Stevie Mancini:"Why not?"

Brandi James:"Because that quack has to be wrong. And besides Rick will just think I'm trying to trap him or something. He's not crazy about kids, and I doubt he wants to be a daddy."

Stevie Mancini:"Well maybe not with Tiffany...but I'm sure he would with you. And just for the record the doctor's office test are very accurate. So..."

Brandi James:"I don't care! Go get me another test from pharmacy."

Stevie Mancini:"But the doctor's office test said..that you were."

Brandi James:"Just Go...Now..."

Stevie Mancini:"Fine...but it will just say the same thing. That by the spring we'll have a little Rick running around."

[ I glared at her, as she grabbed her purse then walked out the door. I couldn't be pregnant. Rick and I never really talked about kids. Hell we never really talked much about marriage. Considering he's still married to Tiffany and his divorce isn't final yet. I looked out the window of my office at my driveway as I watched Stevie get into her car and drive off. Soon she would be back and I could prove the test at the doctor's office was not accurate.]

On Camera:

[ Stevie was back faster then I had thought she would be. I didn't give her a chance to say a word. Instead I grabbed the bag from her and ran up the stair to my bathroom that was just off the master suite of my bedroom. I ripped the first response box open and read the directions. How disgusting it was the white stick you had to pee on. I mean really now there had to be a better way, but if there was I didn't have the time for it. I wouldn't have rested easy tonight unless I could get a negative reading from this thing. I did just as the directions read, and placed the stick down on the sink. I sat on the tub with my hands around my knees feeling so anxious but in a very bad way. I looked up at the white stick and then at my watch. It was time to see the results..that was the longest fifteen minutes of my life. I slowly picked up the white stick that had been mocking me. All the sudden I felt my face turn flush, and I gasp at what I saw. I was going to be a mommy. I had to think that maybe it was an old test. That both the doctor's test and store bought were wrong. As I played with a bunch of differnt scenerio's in my head I heard a knock at the door.]

Brandi James:"Go away!"

[ There was a pause as whoever was on the other side of the door didn't answer right away. ]

Rick Young: "Is everything alright in there?"

[ I hesitated then quickly tossed that evil stick into the bucket, and tied the bag up. ]

Brandi James: "Rick?...um baby is that you?"

Rick Young: "Yeah...who else would it be?"

[ He said a little bit more sarcastically than normal. I nervously laughed clutching the bag in my hand and holding down. I opened the door and some what put the bathroom trash behind my back. ]

Brandi James:" No one...Stevie was just here and .....I umm didn't think you'd be home so soon baby.....is all."

Rick Young: "Ah...well I didn't see her when I came in, but she could be here somewhere if she was."

[ Rick said, and then smiled slightly. He put his hands in to his blue jeans' pockets and then slightly turned away from me. ]

Rick Young: "I decided to make today's work out a short one so I could spend so more time with you, but right now I think I will let you dispose of your used tampons..."

[ Rick said as his smile turned in to a smirk. ]
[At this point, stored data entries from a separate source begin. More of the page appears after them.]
(* Let $\Sigma=(X,\mathcal{U},\phi)$ be an ordered control system which is monotone with respect to inputs and satisfies $\mathcal{U}(x)=\mathcal{U}$ for all $x\in X$. Let $\mathcal{U}_c\subseteq\mathcal{U}$, and assume: (i) there exists $\rho\in\mathcal{K}_\infty$ such that for all $x_-,x,x_+\in X$ with $x_-\le x\le x_+$ one has $\|x\|_X\le\rho(\|x_-\|_X+\|x_+\|_X)$; (ii) there exists $\eta\in\mathcal{K}_\infty$ such that for every $u\in\mathcal{U}$ there exist $u_-,u_+\in\mathcal{U}_c$ with $u_-\le u\le u_+$, $\|u_-\|_{\mathcal{U}}\le\eta(\|u\|_{\mathcal{U}})$ and $\|u_+\|_{\mathcal{U}}\le\eta(\|u\|_{\mathcal{U}})$. Then $\Sigma$ is ISS if and only if $\Sigma$ is ISS with respect to inputs in $\mathcal{U}_c$. Moreover, if $\rho$ is linear, then $\Sigma$ is exp-ISS if and only if $\Sigma$ is exp-ISS with respect to inputs in $\mathcal{U}_c$; and if in addition $\Sigma$ is exp-ISS with respect to inputs in $\mathcal{U}_c$ with a linear gain function and $\eta$ is linear, then $\Sigma$ is exp-ISS with a linear gain function.
   Context: Comparison functions: $\mathcal{K}$ is the set of continuous strictly increasing $\gamma:\mathbb{R}_+\to\mathbb{R}_+$ with $\gamma(0)=0$; $\mathcal{K}_\infty$ the unbounded functions in $\mathcal{K}$; $\mathcal{L}$ the continuous decreasing $\gamma:\mathbb{R}_+\to\mathbb{R}_+$ with $\gamma(t)\to0$; $\mathcal{KL}$ the functions $\beta:\mathbb{R}_+^2\to\mathbb{R}_+$ with $\beta(\cdot,t)\in\mathcal{K}$ for all $t\ge0$ and $\beta(r,\cdot)\in\mathcal{L}$ for all $r>0$. A control system $\Sigma=(X,\mathcal{U},\phi)$ consists of a normed linear space $X$ (state space), a set $U$ of input values (nonempty subset of a normed linear space), a normed linear space $\mathcal{U}$ of functions $\mathbb{R}_+\to U$ closed under time shifts $u\mapsto u(\cdot+\tau)$, nonempty sets $\mathcal{U}(x)\subseteq\mathcal{U}$ of admissible inputs for each $x\in X$, and a map $\phi$ such that for every $x\in X$, $u\in\mathcal{U}(x)$ and $t\ge0$ the state $\phi(t,x,u)\in X$ is defined, $\phi(0,x,u)=x$, $\phi(t,x,u)=\phi(t,x,\tilde u)$ whenever $\tilde u\in\mathcal{U}(x)$ agrees with $u$ on $[0,t]$, and $u(t+\cdot)\in\mathcal{U}(\phi(t,x,u))$ with $\phi(h,\phi(t,x,u),u(t+\cdot))=\phi(t+h,x,u)$ for all $t,h\ge0$. A positive cone in a normed linear space $X$ is a set $K$ with $K\cap(-K)=\{0\}$, $ax\in K$ and $x+y\in K$ for all $a\ge0$, $x,y\in K$; it induces the order $x\le y\iff y-x\in K$. The system is ordered if $X$ and $\mathcal{U}$ carry such orders. It is monotone with respect to inputs if for all $t\ge0$, $x\in X$ and $u_1,u_2\in\mathcal{U}(x)$ with $u_1\le u_2$ one has $\phi(t,x,u_1)\le\phi(t,x,u_2)$. For $\mathcal{U}_c\subseteq\mathcal{U}$, $\Sigma$ is ISS with respect to inputs in $\mathcal{U}_c$ if there exist $\beta\in\mathcal{KL}$, $\gamma\in\mathcal{K}$ such that $\|\phi(t,x,u)\|_X\le\beta(\|x\|_X,t)+\gamma(\|u\|_{\mathcal{U}})$ for all $t\ge0$, all $x\in X$ and all $u\in\mathcal{U}(x)\cap\mathcal{U}_c$; ISS means ISS w.r.t. inputs in $\mathcal{U}$. $\Sigma$ is exp-ISS w.r.t. inputs in $\mathcal{U}_c$ if there exist constants $M,a>0$ and $\gamma\in\mathcal{K}_\infty$ with $\|\phi(t,x,u)\|_X\le Me^{-at}\|x\|_X+\gamma(\|u\|_{\mathcal{U}})$ for the same range of $t,x,u$; exp-ISS means exp-ISS w.r.t. inputs in $\mathcal{U}$; ''with a linear gain function'' means $\gamma$ can be chosen linear. *)

From Stdlib Require Import Reals.
Open Scope R_scope.

Record NormedSpace := {
  ns_car :> Type;
  ns_zero : ns_car;
  ns_add : ns_car -> ns_car -> ns_car;
  ns_opp : ns_car -> ns_car;
  ns_scal : R -> ns_car -> ns_car;
  ns_norm : ns_car -> R;
  ns_addA : forall x y z, ns_add x (ns_add y z) = ns_add (ns_add x y) z;
  ns_addC : forall x y, ns_add x y = ns_add y x;
  ns_add0 : forall x, ns_add x ns_zero = x;
  ns_addN : forall x, ns_add x (ns_opp x) = ns_zero;
  ns_scalA : forall a b x, ns_scal a (ns_scal b x) = ns_scal (a * b) x;
  ns_scal1 : forall x, ns_scal 1 x = x;
  ns_scalDr : forall a x y, ns_scal a (ns_add x y) = ns_add (ns_scal a x) (ns_scal a y);
  ns_scalDl : forall a b x, ns_scal (a + b) x = ns_add (ns_scal a x) (ns_scal b x);
  ns_norm_ge0 : forall x, 0 <= ns_norm x;
  ns_norm_eq0 : forall x, ns_norm x = 0 -> x = ns_zero;
  ns_norm_scal : forall a x, ns_norm (ns_scal a x) = Rabs a * ns_norm x;
  ns_norm_triangle : forall x y, ns_norm (ns_add x y) <= ns_norm x + ns_norm y
}.

Arguments ns_zero {_}.
Arguments ns_add {_} _ _.
Arguments ns_opp {_} _.
Arguments ns_scal {_} _ _.
Arguments ns_norm {_} _.

Definition is_pos_cone (X : NormedSpace) (K : X -> Prop) : Prop :=
  (forall x, K x -> K (ns_opp x) -> x = ns_zero) /\
  (forall a x, 0 <= a -> K x -> K (ns_scal a x)) /\
  (forall x y, K x -> K y -> K (ns_add x y)).

Definition cone_le (X : NormedSpace) (K : X -> Prop) (x y : X) : Prop :=
  K (ns_add y (ns_opp x)).

Definition Rnn := {t : R | 0 <= t}.

Definition Rnn_shift (tau : R) (Htau : 0 <= tau) (s : Rnn) : Rnn :=
  exist _ (proj1_sig s + tau) (Rplus_le_le_0_compat _ _ (proj2_sig s) Htau).

Record InputSpace (V : NormedSpace) := {
  is_U : V -> Prop;
  is_U_ne : exists v, is_U v;
  is_mem : (Rnn -> V) -> Prop;
  is_norm : (Rnn -> V) -> R;
  is_mem_val : forall u, is_mem u -> forall s, is_U (u s);
  is_mem_zero : is_mem (fun _ => ns_zero);
  is_mem_add : forall u w, is_mem u -> is_mem w -> is_mem (fun s => ns_add (u s) (w s));
  is_mem_scal : forall a u, is_mem u -> is_mem (fun s => ns_scal a (u s));
  is_mem_shift : forall u tau (Htau : 0 <= tau),
      is_mem u -> is_mem (fun s => u (Rnn_shift tau Htau s));
  is_norm_ge0 : forall u, is_mem u -> 0 <= is_norm u;
  is_norm_eq0 : forall u, is_mem u -> is_norm u = 0 -> forall s, u s = ns_zero;
  is_norm_scal : forall a u, is_mem u ->
      is_norm (fun s => ns_scal a (u s)) = Rabs a * is_norm u;
  is_norm_triangle : forall u w, is_mem u -> is_mem w ->
      is_norm (fun s => ns_add (u s) (w s)) <= is_norm u + is_norm w
}.

Arguments is_U {_} _ _.
Arguments is_mem {_} _ _.
Arguments is_norm {_} _ _.

Definition is_input_cone (V : NormedSpace) (I : InputSpace V)
    (K : (Rnn -> V) -> Prop) : Prop :=
  (forall u, K u -> is_mem I u) /\
  (forall u, K u -> K (fun s => ns_opp (u s)) -> forall s, u s = ns_zero) /\
  (forall a u, 0 <= a -> K u -> K (fun s => ns_scal a (u s))) /\
  (forall u w, K u -> K w -> K (fun s => ns_add (u s) (w s))).

Definition input_le (V : NormedSpace) (K : (Rnn -> V) -> Prop)
    (u1 u2 : Rnn -> V) : Prop :=
  K (fun s => ns_add (u2 s) (ns_opp (u1 s))).

Record ControlSystem (X V : NormedSpace) (I : InputSpace V) := {
  cs_adm : X -> (Rnn -> V) -> Prop;
  cs_phi : R -> X -> (Rnn -> V) -> X;        (* only used for t >= 0 *)
  cs_adm_sub : forall x u, cs_adm x u -> is_mem I u;
  cs_adm_ne : forall x, exists u, cs_adm x u;
  cs_phi0 : forall x u, cs_adm x u -> cs_phi 0 x u = x;
  cs_causal : forall t x u u', 0 <= t -> cs_adm x u -> cs_adm x u' ->
      (forall s : Rnn, proj1_sig s <= t -> u s = u' s) ->
      cs_phi t x u = cs_phi t x u';
  cs_shift_adm : forall t (Ht : 0 <= t) x u, cs_adm x u ->
      cs_adm (cs_phi t x u) (fun s => u (Rnn_shift t Ht s));
  cs_cocycle : forall t h (Ht : 0 <= t) x u, 0 <= h -> cs_adm x u ->
      cs_phi h (cs_phi t x u) (fun s => u (Rnn_shift t Ht s)) = cs_phi (t + h) x u
}.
Brandi James:"It's just bathroom trash Rick....and there are no tampons in it..."

Rick Young: "Then why you hiding it? I know I don't like seeing your tampons...so if there isn't any in there? Why hide it behind your back?"

[ Rick asked very curious as to why I was hiding the trash behind my back. ]
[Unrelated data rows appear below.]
(** Let [f] be an isomorphism between the [s,p]-closures [D = <F>] and [D' = <G>]
    of two finite sets.  An element [y] is a successor of [x] exactly when
    [y = s^k x > x] for some [k], and every element between them is an [s]-iterate
    of [x]; dually for predecessors with [p].  Hence successors, predecessors and
    finite intervals of points of [D] stay inside [D], and [f] maps them
    bijectively onto the corresponding sets in [D'].  So the finite map [f|F]
    preserves every [S_i], [P_j] and [Adj_k], and [C_{n,m}]-homogeneity extends
    it to an automorphism [g] of [(L,<)].  Order automorphisms commute with [s]
    and [p], so [g] agrees with [f] on all of [D]. *)
From Stdlib Require Import List Classical ClassicalEpsilon PeanoNat Lia.

Lemma epsilon_or_default_spec {A : Type} (R : A -> Prop) (a : A) :
  R (epsilon (inhabits a) (fun y => R y \/ ((forall z, ~ R z) /\ y = a))) \/
  ((forall z, ~ R z) /\
   epsilon (inhabits a) (fun y => R y \/ ((forall z, ~ R z) /\ y = a)) = a).
Proof.
  apply (epsilon_spec (inhabits a) (fun y => R y \/ ((forall z, ~ R z) /\ y = a))).
  destruct (classic (exists y, R y)) as [[y Ry] | noR].
  - exists y; left; exact Ry.
  - exists a; right; split; [intros z Rz; apply noR; exists z; exact Rz | reflexivity].
Qed.

Lemma finite_set_ext {A : Type} (P Q : A -> Prop) :
  (forall z, P z <-> Q z) -> finite_set P -> finite_set Q.
Proof. intros PQ [l Hl]; exists l; intros z Qz; apply Hl, PQ, Qz. Qed.

Lemma has_card_finite {A : Type} (P : A -> Prop) k : has_card P k -> finite_set P.
Proof. intros (l & _ & _ & Hl); exists l; intros z; apply Hl. Qed.

Lemma lift_list {A B : Type} (P : A -> Prop) (h : A -> B) (l' : list B) :
  (forall y, In y l' -> exists x, P x /\ h x = y) ->
  exists l, map h l = l' /\ forall x, In x l -> P x.
Proof.
  induction l' as [|y l' IH]; intros Hl'.
  - exists nil; split; [reflexivity | intros x []].
  - destruct (Hl' y (or_introl eq_refl)) as (x & Px & <-).
    destruct IH as (l & Hmap & Hl); [intros y' Hy'; apply Hl'; right; exact Hy' |].
    exists (x :: l); split; [simpl; rewrite Hmap; reflexivity |].
    intros x' [<- | Hx']; auto.
Qed.

Lemma has_card_image {A B : Type} (P : A -> Prop) (Q : B -> Prop) (h : A -> B) k :
  (forall x y, P x -> P y -> h x = h y -> x = y) ->
  (forall y, Q y <-> exists x, P x /\ h x = y) ->
  has_card P k <-> has_card Q k.
Proof.
  intros h_inj HQ; split.
  - intros (l & l_nodup & l_len & Hl). exists (map h l); split; [|split].
    + apply NoDup_map_NoDup_ForallPairs; [|exact l_nodup].
      intros x y Hx Hy; apply h_inj; apply Hl; assumption.
    + rewrite length_map; exact l_len.
    + intros y; split.
      * intros Qy. apply HQ in Qy as (x & Px & <-). apply in_map, Hl, Px.
      * intros Hy. apply in_map_iff in Hy as (x & <- & Hx).
        apply HQ; exists x; split; [apply Hl, Hx | reflexivity].
  - intros (l' & l'_nodup & l'_len & Hl').
    destruct (lift_list P h l') as (l & <- & Hl); [intros y Hy; apply HQ, Hl', Hy |].
    exists l; split; [|split].
    + exact (NoDup_map_inv h l l'_nodup).
    + rewrite <- l'_len, length_map; reflexivity.
    + intros x; split; [| apply Hl].
      intros Px. assert (Hhx : In (h x) (map h l)) by (apply Hl', HQ; exists x; auto).
      apply in_map_iff in Hhx as (x' & Ex & Hx'). rewrite <- (h_inj x' x); auto.
Qed.

Section Successors.
Context {L : Type} {lt : L -> L -> Prop} (slo : strict_linear_order lt).

Local Notation s := (s_fn lt).

Let lt_irrefl : forall x, ~ lt x x := proj1 slo.
Let lt_trans {x y z} : lt x y -> lt y z -> lt x z := proj1 (proj2 slo) x y z.
Let lt_total : forall x y, lt x y \/ x = y \/ lt y x := proj2 (proj2 slo).

Lemma between_sym x y z : between lt x y z <-> between lt y x z.
Proof. unfold between; tauto. Qed.

Lemma imm_succ_unique x y y' : imm_succ lt x y -> imm_succ lt x y' -> y = y'.
Proof.
  intros [xy y_first] [xy' y'_first].
  destruct (lt_total y y') as [H | [H | H]]; [| exact H |]; exfalso.
  - apply (y'_first y); split; assumption.
  - apply (y_first y'); split; assumption.
Qed.

Lemma s_fn_spec x : imm_succ lt x (s x) \/ ((forall z, ~ imm_succ lt x z) /\ s x = x).
Proof. exact (epsilon_or_default_spec (imm_succ lt x) x). Qed.

Lemma s_fn_unique x y :
  imm_succ lt x y \/ ((forall z, ~ imm_succ lt x z) /\ y = x) -> s x = y.
Proof.
  intros Hy.
  destruct (s_fn_spec x) as [Hs | [no_succ Hs]]; destruct Hy as [Hy | [no_succ' ->]].
  - exact (imm_succ_unique x _ _ Hs Hy).
  - exfalso; exact (no_succ' _ Hs).
  - exfalso; exact (no_succ _ Hy).
  - exact Hs.
Qed.

Lemma s_fn_eq x y : imm_succ lt x y -> s x = y.
Proof. intros Hy; apply s_fn_unique; left; exact Hy. Qed.

Lemma iter_s_between k x z :
  lt x z -> lt z (Nat.iter k s x) -> exists j, j < k /\ z = Nat.iter j s x.
Proof.
  intros xz; induction k as [|k IH]; intros z_lt.
  - exfalso; apply (lt_irrefl x); exact (lt_trans xz z_lt).
  - rewrite Nat.iter_succ in z_lt.
    destruct (s_fn_spec (Nat.iter k s x)) as [[_ w_first] | [_ Hs]].
    + destruct (lt_total z (Nat.iter k s x)) as [H | [H | H]].
      * destruct (IH H) as (j & jk & ->); exists j; split; [lia | reflexivity].
      * exists k; split; [lia | exact H].
      * exfalso; apply (w_first z); split; assumption.
    + rewrite Hs in z_lt.
      destruct (IH z_lt) as (j & jk & ->); exists j; split; [lia | reflexivity].
Qed.

Lemma is_successor_iter k x : lt x (Nat.iter k s x) -> is_successor lt x (Nat.iter k s x).
Proof.
  intros Hx; split; [exact Hx |].
  exists (map (fun j => Nat.iter j s x) (seq 0 k)).
  intros z [[xz z_lt] | [Hz zx]].
  - destruct (iter_s_between k x z xz z_lt) as (j & jk & ->).
    apply (in_map (fun j => Nat.iter j s x)), in_seq; lia.
  - exfalso; apply (lt_irrefl x); exact (lt_trans Hx (lt_trans Hz zx)).
Qed.

(* Split the interval at any point [a] of the covering list: both halves are
   covered by the rest of the list. *)
Lemma finite_interval_iter (l : list L) x y :
  lt x y -> (forall z, lt x z -> lt z y -> In z l) -> exists k, y = Nat.iter k s x.
Proof.
  revert x y; induction l as [|a l IH]; intros x y xy Hl.
  - exists 1; simpl; symmetry; apply s_fn_eq.
    split; [exact xy | intros z [xz zy]; exact (Hl z xz zy)].
  - assert (Hrest : forall u v, ~ (lt u a /\ lt a v) -> (lt x u \/ x = u) ->
              (lt v y \/ v = y) -> forall z, lt u z -> lt z v -> In z l).
    { intros u v a_out xu vy z uz zv.
      assert (xz : lt x z) by (destruct xu as [xu | <-]; [exact (lt_trans xu uz) | exact uz]).
      assert (zy : lt z y) by (destruct vy as [vy | ->]; [exact (lt_trans zv vy) | exact zv]).
      destruct (Hl z xz zy) as [Eaz | Hz]; [| exact Hz].
      subst z; exfalso; apply a_out; split; assumption. }
    destruct (classic (lt x a /\ lt a y)) as [[xa ay] | a_out].
    + destruct (IH x a xa) as [i Hi].
      { apply Hrest; auto. intros [_ aa]; exact (lt_irrefl a aa). }
      destruct (IH a y ay) as [j Hj].
      { apply Hrest; auto. intros [aa _]; exact (lt_irrefl a aa). }
      exists (j + i); rewrite Nat.iter_add, <- Hi; exact Hj.
    + apply IH; [exact xy |]. apply Hrest; auto.
Qed.

Lemma is_successor_iter_inv x y : is_successor lt x y -> exists k, y = Nat.iter k s x.
Proof.
  intros [xy [l Hl]]; apply (finite_interval_iter l x y xy).
  intros z xz zy; apply Hl; left; split; assumption.
Qed.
Brandi James: "Ummm cuz it's trash?"

[ I had to be more confident...So I walked past him, and towards the door.]

Brandi James: "what you exspect me to carry it like a trophy. It's just filled with toilet paper rolls, band-aids, your old razor...and just gross sick stuff..."

Rick Young: "Whatever...it's no big deal...I'm just curious, because it just odd to me."

Brandi James:"God, you act like you've never seen any take trash out before or something."

[ I rolled my eyes, and began to walk to the barrels outside. ]

Rick Young: "It's not that I haven't seen anyone take trash out before...hell I taken trash out plenty of times, but I've never hid it behind my back unless there was something in there I didn't want anyone to see...and well other than tampons what would be in there that you wouldn't want me to see?"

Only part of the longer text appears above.